Rebecca Pawel: The Watcher in the Pine

„The Watcher in the Pine“ von Rebecca Pawel ist das dritte Buch der im Anschluss an den spanischen Bürgerkrieg spielenden Serie um den Gardisten Carlos Tejada. Im Verlauf der Zeit hat er ein wenig Karriere gemacht, ist jetzt Leutnant und erhält seine erste eigene Leitungsfunktion: Das Kommando über den guardia-Posten in Potes, einem einsam gelegenen Ort, mitten in den Bergen Kantabriens.
Mit Elena, seiner jungen, schwangeren Frau fühlt Tejada sich in eine andere, rückständige und feindliche Welt versetzt, in der er wie ein Besatzer behandelt wird. Auch jetzt, ein Jahr nach dem Ende des Bürgerkriegs gibt es in der Gegend um Potes immer noch Widerstand und sind die Faschisten wenig geliebte Sieger.

Der Vorgänger Carlos Tejadas war im Dienst erschossen worden, beim Amt für Wiederaufbau verschwinden Werkzeuge und Dynamit und die Gardisten werden regelmäßig bei ihren Patrolien auf den Strassen beschossen. Offensichtlich ist es auch für totalitäre Autokraten schwer, sich nach einem derartigen Krieg überall im Lande durchzusetzen.

„The Watcher in the Pine“ dreht sich, im Gegensatz zu „Death of a Nationalist“, dem ersten Buch der Serie, weniger um die Suche nach einem Täter, sondern es beschreibt den Versuch die untergegangene Ordnung wiederherzustellen. Spaniens Infrastruktur wurde im Bürgerkrieg zerstört, seine innere Harmonie hat es verloren und von der Außenwelt ist es vergessen. Tejada, der Gardist versucht das mit seinen Mitteln, während Elena, die früher Lehrerin war und nicht nur gerne die lokale Schule wiederaufbauen würde, sondern dort auch gerne unterrichten möchte, sich mit ihren Mitteln müht.

Rebecca Pawel entwickelt ein recht komplexes Geflecht an Handlungsfäden. In dem die gesellschaftlichen Konflikte, die beruflichen Sorgen Tejadas, die privaten Problemen in der Beziehung zu Elena, die eigentlich mit den Roten sympathisiert und die persönlichen Sorgen der modernen Frau, der die Umstellung auf die Gegebenheiten der provinziellen Stadt schwerfällt, zusammenkommen. Dem Buch scheinen gründliche Recherchen zugrunde zu liegen, die unaufdringlich eingebunden sind. „The Watcher in the Pine“ ist keiner dieser netten Historienromane, die eskapistisch in der Vergangenheit spielen. Schon fast albtraumhaft mutet am Anfang die Beschreibung der Lebensumstände in Potes an. Rebecca Pawel gelingt so ein ungewöhnlicher und vielschichtiger Krimi, der zudem spannend zu lesen ist.

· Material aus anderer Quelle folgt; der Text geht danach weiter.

Lemma weight_isolated g i j m : (forall x, (j, x) \notin g) -> m != j ->
  weight (add_link g i j) i m = weight (del_link g i j) i m.
Proof.
move=> hiso hm; rewrite /weight /connected /dist reach_isolated //.
by rewrite (eq_find (a2 := fun k => reach (del_link g i j) k i m)) // => k; rewrite reach_isolated.
Qed.

Lemma gain_bridge g i j v : i != j -> ~~ connected (del_link g i j) i j ->
  (forall m, 0 <= v m) -> v j - c <= link_gain g i j v.
Proof.
move=> hij hc hv; rewrite /link_gain lerD2r (bigD1 j) //= weight_neighbour //.
have -> : weight (del_link g i j) i j = 0 by rewrite /weight (negbTE hc) andbF.
rewrite subr0 mul1r lerDl; apply: sumr_ge0 => m _; apply: mulr_ge0 => //.
by rewrite subr_ge0 weight_monotone.
Qed.

Lemma gain_isolated g i j v : (forall x, (j, x) \notin g) ->
  (forall m, 0 <= v m) -> link_gain g i j v <= v j - c.
Proof.
move=> hiso hv; rewrite /link_gain lerD2r (bigD1 j) //= big1 ?addr0.
  rewrite -[leRHS]mul1r; apply: ler_wpM2r => //.
  have := weight_le1 (add_link g i j) i j; have := weight_ge0 (del_link g i j) i j.
  lra.
by move=> m hm; rewrite weight_isolated // subrr mul0r.
Qed.

Lemma gain_local g i j v1 v2 :
  (forall m, m != i -> connected (add_link g i j) i m -> v1 m = v2 m) ->
  link_gain g i j v1 = link_gain g i j v2.
Proof.
move=> h; rewrite /link_gain; congr (_ - _); apply: eq_bigr => m _.
case: (boolP (m == i)) => [/eqP ->|hm]; first by rewrite /weight !eqxx /= subrr !mul0r.
case: (boolP (connected (add_link g i j) i m)) => [hc|hc]; first by rewrite h.
by case: (weight_outside hc) => -> ->; rewrite subrr !mul0r.
Qed.

Lemma gain_add_link g i j v : link_gain (add_link g i j) i j v = link_gain g i j v.
Proof. by rewrite /link_gain add_link_idem del_add_link. Qed.

End MarginalGain.

Section Dynamics.
Local Open Scope ring_scope.
Variables (R : realFieldType) (X : Type) (N : nat) (f : X -> R) (Ef c delta : R).
Variable kappa : 'I_N -> X.
Hypotheses (f_ge0 : forall x, 0 <= f x) (Ef_ge0 : 0 <= Ef).
Hypotheses (delta_ge0 : 0 <= delta) (delta_le1 : delta <= 1).
Implicit Types (g : network N) (K : {set 'I_N * 'I_N}) (i j a m : 'I_N).

Local Notation F := (fun m => f (kappa m)).
Local Notation step_ ci := (step ci f Ef c delta kappa).
Local Notation run_ ci := (run_from ci f Ef c delta kappa).
Local Notation agree ci := (agrees ci f Ef c delta kappa).
Local Notation value ci := (valuation ci f Ef kappa).

Lemma valuation_ge0 ci K i m : 0 <= value ci K i m.
Proof. by rewrite /valuation; case: ifP. Qed.

Lemma agreesE ci st i j : i != j ->
  agree ci st i j = (0 <= link_gain delta c st.1 i j (value ci st.2 i)).
Proof. by move=> hij; rewrite /agrees -payoff_gain // subr_ge0. Qed.

Lemma agrees_informed g K i j : i != j ->
  (forall m, m != i -> connected (add_link g i j) i m -> (i, m) \in K) ->
  agree false (g, K) i j = agree true (g, set0) i j.
Proof.
move=> hij hK; rewrite !agreesE //=; congr (_ <= _).
by apply: gain_local => m hm hc; rewrite /valuation /= hK.
Qed.

Lemma agrees_stranger g K i j : c <= Ef -> i != j -> ~~ connected g i j ->
  (i, j) \notin K -> agree false (g, K) i j.
Proof.
move=> cEf hij hcij hK; rewrite agreesE //=.
have hbridge : ~~ connected (del_link g i j) i j.
  by apply: contraNN hcij; apply: connected_sub; apply: del_link_sub.
have := gain_bridge c delta_ge0 delta_le1 hij hbridge (valuation_ge0 false K i).
rewrite /valuation /= (negbTE hK); lra.
Qed.

Definition ci_decision g i j := agree true (g, set0) i j && agree true (g, set0) j i.

Definition ci_next g (p : 'I_N * 'I_N) :=
  if ci_decision g p.1 p.2 then add_link g p.1 p.2 else del_link g p.1 p.2.

Lemma step_ci st p : (step_ true st p).1 = ci_next st.1 p.
Proof. by case: st. Qed.

Lemma step_same_decision g K i j :
  agree false (g, K) i j && agree false (g, K) j i = ci_decision g i j ->
  step_ false (g, K) (i, j) =
  (ci_next g (i, j), K :|: [set q | connected (ci_next g (i, j)) q.1 q.2]).
Proof. by rewrite /step /ci_next /= => ->. Qed.

(* Invariant of complete-information runs: the network is symmetric and only
   agents worth at least c have links. *)
Definition valued_net g := symmetric_net g /\ forall a b, (a, b) \in g -> c <= F a.

Lemma valued_set0 : valued_net set0.
Proof. by split => [x y|a b]; rewrite !in_set0. Qed.

Lemma agree_ci_valued g K i j : valued_net g -> i != j -> agree true (g, K) i j -> c <= F j.
Proof.
move=> [hs hg] hij; rewrite agreesE //= => hgain.
case: (boolP [exists x, (j, x) \in g]) => [/existsP[x /hg] //|hno].
have hiso : forall x, (j, x) \notin g.
  by move=> x; apply: contraNN hno => h; apply/existsP; exists x.
by have := gain_isolated c delta_ge0 delta_le1 i hiso (fun m => f_ge0 (kappa m)); lra.
Qed.

Lemma valued_ci_next g p : p.1 != p.2 -> valued_net g -> valued_net (ci_next g p).
Proof.
case: p => i j /= hij [hs hg]; rewrite /ci_next /ci_decision /=.
case: ifP => [/andP[hi hj]|_]; split.
- exact: add_link_sym.
- move=> a b; rewrite /add_link !inE !xpair_eqE.
  case/orP=> [/hg //|/orP[/andP[/eqP-> _]|/andP[/eqP-> _]]].
  + by apply: (agree_ci_valued (conj hs hg) _ hj); rewrite eq_sym.
  + exact: (agree_ci_valued (conj hs hg) hij hi).
- exact: del_link_sym.
- by move=> a b /del_link_sub /hg.
Qed.

Lemma ci_keeps_bridge g i j : valued_net g -> i != j -> (i, j) \in g ->
  ~~ connected (del_link g i j) i j -> ci_decision g i j.
Proof.
move=> [hs hg] hij hin hbridge; have hji : j != i by rewrite eq_sym.
have hFi : c <= F i by apply: hg hin.
have hFj : c <= F j by apply: (hg j i); rewrite -hs.
have hbridge' : ~~ connected (del_link g j i) j i.
  by rewrite del_linkC connected_sym //; apply: del_link_sym.
have h1 := gain_bridge c delta_ge0 delta_le1 hij hbridge (fun m => f_ge0 (kappa m)).
have h2 := gain_bridge c delta_ge0 delta_le1 hji hbridge' (fun m => f_ge0 (kappa m)).
by rewrite /ci_decision !agreesE //=; apply/andP; split; lra.
Qed.

(* Simulation invariant: off the diagonal, an agent knows exactly the types
   of the agents it is connected to. *)
Definition knows_component g K := forall a m, a != m -> ((a, m) \in K) = connected g a m.

Lemma knows_component_step g g' K : knows_component g K ->
  (forall a m, connected g a m -> connected g' a m) ->
  knows_component g' (K :|: [set q | connected g' q.1 q.2]).
Proof.
move=> hK hcc a m ham; rewrite !inE hK //=.
by case: (boolP (connected g a m)) => [/hcc ->|].
Qed.

Lemma same_decision_connected g K i j : i != j -> symmetric_net g ->
  knows_component g K -> connected g i j ->
  agree false (g, K) i j && agree false (g, K) j i = ci_decision g i j.
Proof.
move=> hij hs hK hcij.
have informed a b : a != b -> connected g a b -> agree false (g, K) a b = agree true (g, set0) a b.
  move=> hab hcab; apply: agrees_informed => // m hma hcm.
  by rewrite hK 1?eq_sym // (connected_add_redundant hs hcab hcm).
by rewrite /ci_decision !informed // 1?eq_sym // connected_sym.
Qed.

Lemma simulate_step g K p : c <= Ef -> p.1 != p.2 -> valued_net g -> knows_component g K ->
  ci_next g p = g \/
  (step_ false (g, K) p).1 = ci_next g p /\
  knows_component (ci_next g p) (step_ false (g, K) p).2.
Proof.
case: p => i j cEf /= hij hval hK; have [hs _] := hval.
have hji : j != i by rewrite eq_sym.
have grow (g' : network N) : (forall a m, connected g a m -> connected g' a m) ->
    agree false (g, K) i j && agree false (g, K) j i = ci_decision g i j ->
    ci_next g (i, j) = g' -> ci_next g (i, j) = g \/
    (step_ false (g, K) (i, j)).1 = ci_next g (i, j) /\
    knows_component (ci_next g (i, j)) (step_ false (g, K) (i, j)).2.
  move=> hcc hdec hg'; right; rewrite (step_same_decision hdec).
  by split => //; apply: knows_component_step hK _; rewrite hg'.
have absent : (i, j) \notin g -> ~~ ci_decision g i j -> ci_next g (i, j) = g.
  by move=> hin /negbTE hdec; rewrite /ci_next /= hdec del_link_id // -hs.
case: (boolP (connected g i j)) => hcij.
  have hdec := same_decision_connected hij hs hK hcij.
  case hci: (ci_decision g i j).
    by apply: (grow (add_link g i j)) => // [a m|]; [apply: connected_sub; apply: sub_add_link | rewrite /ci_next /= hci].
  case: (boolP ((i, j) \in g)) => hin; last by left; rewrite absent ?hci.
  have hcycle : connected (del_link g i j) i j.
    by apply/negPn/negP => /(ci_keeps_bridge hval hij hin); rewrite hci.
  apply: (grow (del_link g i j)) => //; last by rewrite /ci_next /= hci.
  by move=> a m; apply: connected_del_redundant.
have hdec : agree false (g, K) i j && agree false (g, K) j i.
  by apply/andP; split; apply: agrees_stranger; rewrite // ?hK // connected_sym.
have hin : (i, j) \notin g by apply: contraNN hcij; apply: connected_edge.
case hci: (ci_decision g i j); last by left; rewrite absent ?hci.
apply: (grow (add_link g i j)); rewrite ?hdec ?hci //; last by rewrite /ci_next /= hci.
by move=> a m; apply: connected_sub; apply: sub_add_link.
Qed.


Lemma run_cat ci st s1 s2 : run_ ci st (s1 ++ s2) = run_ ci (run_ ci st s1) s2.
Proof. by rewrite /run_from foldl_cat. Qed.

Lemma run_rcons ci st s p : run_ ci st (rcons s p) = step_ ci (run_ ci st s) p.
Proof. by rewrite /run_from foldl_rcons. Qed.

Lemma valid_rcons (s : seq ('I_N * 'I_N)) p :
  valid_path (rcons s p) = valid_path s && (p.1 != p.2).
Proof. by rewrite /valid_path all_rcons andbC. Qed.

Lemma simulate_run s : c <= Ef -> valid_path s ->
  valued_net (run_ true (init_state N) s).1 /\
  exists s', [/\ valid_path s',
    (run_ false (init_state N) s').1 = (run_ true (init_state N) s).1 &
    knows_component (run_ true (init_state N) s).1 (run_ false (init_state N) s').2].
Proof.
move=> cEf; elim/last_ind: s => [_|s p IH].
  split; first exact: valued_set0.
  by exists [::]; split => // a m ham; rewrite /= in_set0 connected_set0 (negbTE ham).
rewrite valid_rcons => /andP[hv hp]; have [hval [s' [hv' e' hK]]] := IH hv.
rewrite run_rcons step_ci; split; first exact: valued_ci_next.
have hst : run_ false (init_state N) s' =
    ((run_ true (init_state N) s).1, (run_ false (init_state N) s').2).
  by rewrite -e'; case: (run_ false _ s').
case: (simulate_step cEf hp hval hK) => [-> | [e2 hK2]]; first by exists s'.
by exists (rcons s' p); rewrite valid_rcons hv' hp run_rcons hst e2.
Qed.

Lemma emerge_ci_ic g : c <= Ef ->
  can_emerge true f Ef c delta kappa g -> can_emerge false f Ef c delta kappa g.
Proof.
move=> cEf [s [hv <-]]; have [_ [s' [hv' e' _]]] := simulate_run cEf hv.
by exists s'.
Qed.

Definition sym_knowledge K := forall a b, ((a, b) \in K) = ((b, a) \in K).
Definition knows_connected g K := forall a m, a != m -> connected g a m -> (a, m) \in K.
Definition full_knowledge K := forall a m, a != m -> (a, m) \in K.

Lemma sym_knowledge_step g K : symmetric_net g -> sym_knowledge K ->
  sym_knowledge (K :|: [set q | connected g q.1 q.2]).
Proof. by move=> hs hK a b; rewrite !inE hK /= connected_sym. Qed.

(* Selecting twice a pair of strangers whose link complete information would
   not form: they link and learn each other's type, then sever the link. *)
Lemma probe_pair g K i j : c <= Ef -> symmetric_net g -> ci_next g (i, j) = g ->
  i != j -> (i, j) \notin K -> knows_connected g K -> sym_knowledge K ->
  exists K2, [/\ run_ false (g, K) [:: (i, j); (i, j)] = (g, K2),
    {subset K <= K2}, (i, j) \in K2, knows_connected g K2 & sym_knowledge K2].
Proof.
move=> cEf hs hstat hij hK hcK hsK; have hji : j != i by rewrite eq_sym.
have hcij : ~~ connected g i j by apply: contraNN hK; apply: hcK.
have hnij : (i, j) \notin g by apply: contraNN hcij; apply: connected_edge.
set g1 := add_link g i j; set K1 := K :|: [set q | connected g1 q.1 q.2].
have first_step : step_ false (g, K) (i, j) = (g1, K1).
  have hjiK : (j, i) \notin K by rewrite -hsK.
  have hcji : ~~ connected g j i by rewrite connected_sym.
  by rewrite /step /= !agrees_stranger.
have no_link : ci_decision g i j = false.
  apply/negP => hdec; move: hstat; rewrite /ci_next /= hdec => e.
  by move: hnij; rewrite -{1}e /add_link !inE eqxx orbT.
have informed a b : a != b -> add_link g a b = g1 ->
    agree false (g1, K1) a b = agree true (g, set0) a b.
  move=> hab e; have hK1 m : m != a -> connected (add_link g1 a b) a m -> (a, m) \in K1.
    by move=> _; rewrite -e add_link_idem e => hc; rewrite !inE hc orbT.
  by rewrite (agrees_informed hab hK1) !agreesE //= -e gain_add_link.
have second_step : step_ false (g1, K1) (i, j) = (g, K1 :|: [set q | connected g q.1 q.2]).
  rewrite /step /= (informed i j hij erefl) (informed j i hji (add_linkC g i j)).
  by move: no_link; rewrite /ci_decision => ->; rewrite /g1 del_add_link del_link_id // -hs.
exists (K1 :|: [set q | connected g q.1 q.2]); split.
- by rewrite /run_from /= first_step second_step.
- by move=> x hx; rewrite !inE hx.
- by rewrite !inE /= connected_edge ?orbT // /g1 /add_link !inE eqxx orbT.
- by move=> a m _ h; rewrite !inE h orbT.
- by do 2?apply: sym_knowledge_step => //; apply: add_link_sym.
Qed.

Definition ci_stationary g := forall p : 'I_N * 'I_N, p.1 != p.2 -> ci_next g p = g.

Lemma probe_all g (L : seq ('I_N * 'I_N)) K : c <= Ef -> symmetric_net g ->
  ci_stationary g -> knows_connected g K -> sym_knowledge K ->
  exists s K2, [/\ valid_path s, run_ false (g, K) s = (g, K2), {subset K <= K2} &
    forall q, q \in L -> q.1 != q.2 -> q \in K2].
Proof.
move=> cEf hs hstat; elim: L K => [|[i j] L IH] K hcK hsK; first by exists [::], K; split.
case: (boolP ((i != j) && ((i, j) \notin K))) => [/andP[hij hK]|known].
  have [K1 [e1 hsub hin hcK1 hsK1]] := probe_pair cEf hs (hstat (i, j) hij) hij hK hcK hsK.
  have [s [K2 [hv e2 hsub2 hL]]] := IH K1 hcK1 hsK1.
  exists ([:: (i, j); (i, j)] ++ s), K2; split.
  - by move: hv; rewrite /valid_path /= hij.
  - by rewrite run_cat e1.
  - by move=> x /hsub /hsub2.
  - by move=> q; rewrite inE => /orP[/eqP -> _|/hL //]; apply: hsub2.
have [s [K2 [hv e2 hsub2 hL]]] := IH K hcK hsK.
exists s, K2; split => // q; rewrite inE => /orP[/eqP -> /= hij|/hL //].
by apply: hsub2; move: known; rewrite hij /= negbK.
Qed.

Wenn der Leser auch erahnen kann, wem die Sympathie der Autorin gehört, versucht sie den verschiedenen Personen und ihren Motivationen gerecht zu werden. Das erklärt möglicherweise auch, weswegen dem Buch in meinen Augen etwas Biss fehlt und das Franco-Regime, immerhin als ausgesprochen grausam berüchtigt, schon fast milde wirkt.

Rebecca Pawel: The Watcher in the Pine. 
Soho Press 2005. 305 Seiten. Ab 6,60 €
(noch keine deutsche Übersetzung)

4 Gedanken zu „Rebecca Pawel: The Watcher in the Pine“

  1. Ja , stimmt.

    Die Stilistik ist typisch für die TB von Soho Press. Die HC dagegen haben einen etwas anderen, nicht ganz so schönen Aufbau des Covers.

    Beste Grüße

    bernd

  2. Nein, lieber Georg.

    Der „Watcher“ ist nicht metaphorisch sondern wörtlich gemeint und auch wenn meine Lektüre von „The Catcher in the Rye“ mehr als zwanzig Jahre zurückliegt, eine Seelenverwandtschaft der Figuren sehe ich nicht.

    Ganz zufällig ist die Ähnlichkeit vielleicht nicht. Der Autorin ist die Parallele möglicherweise auch aufgefallen.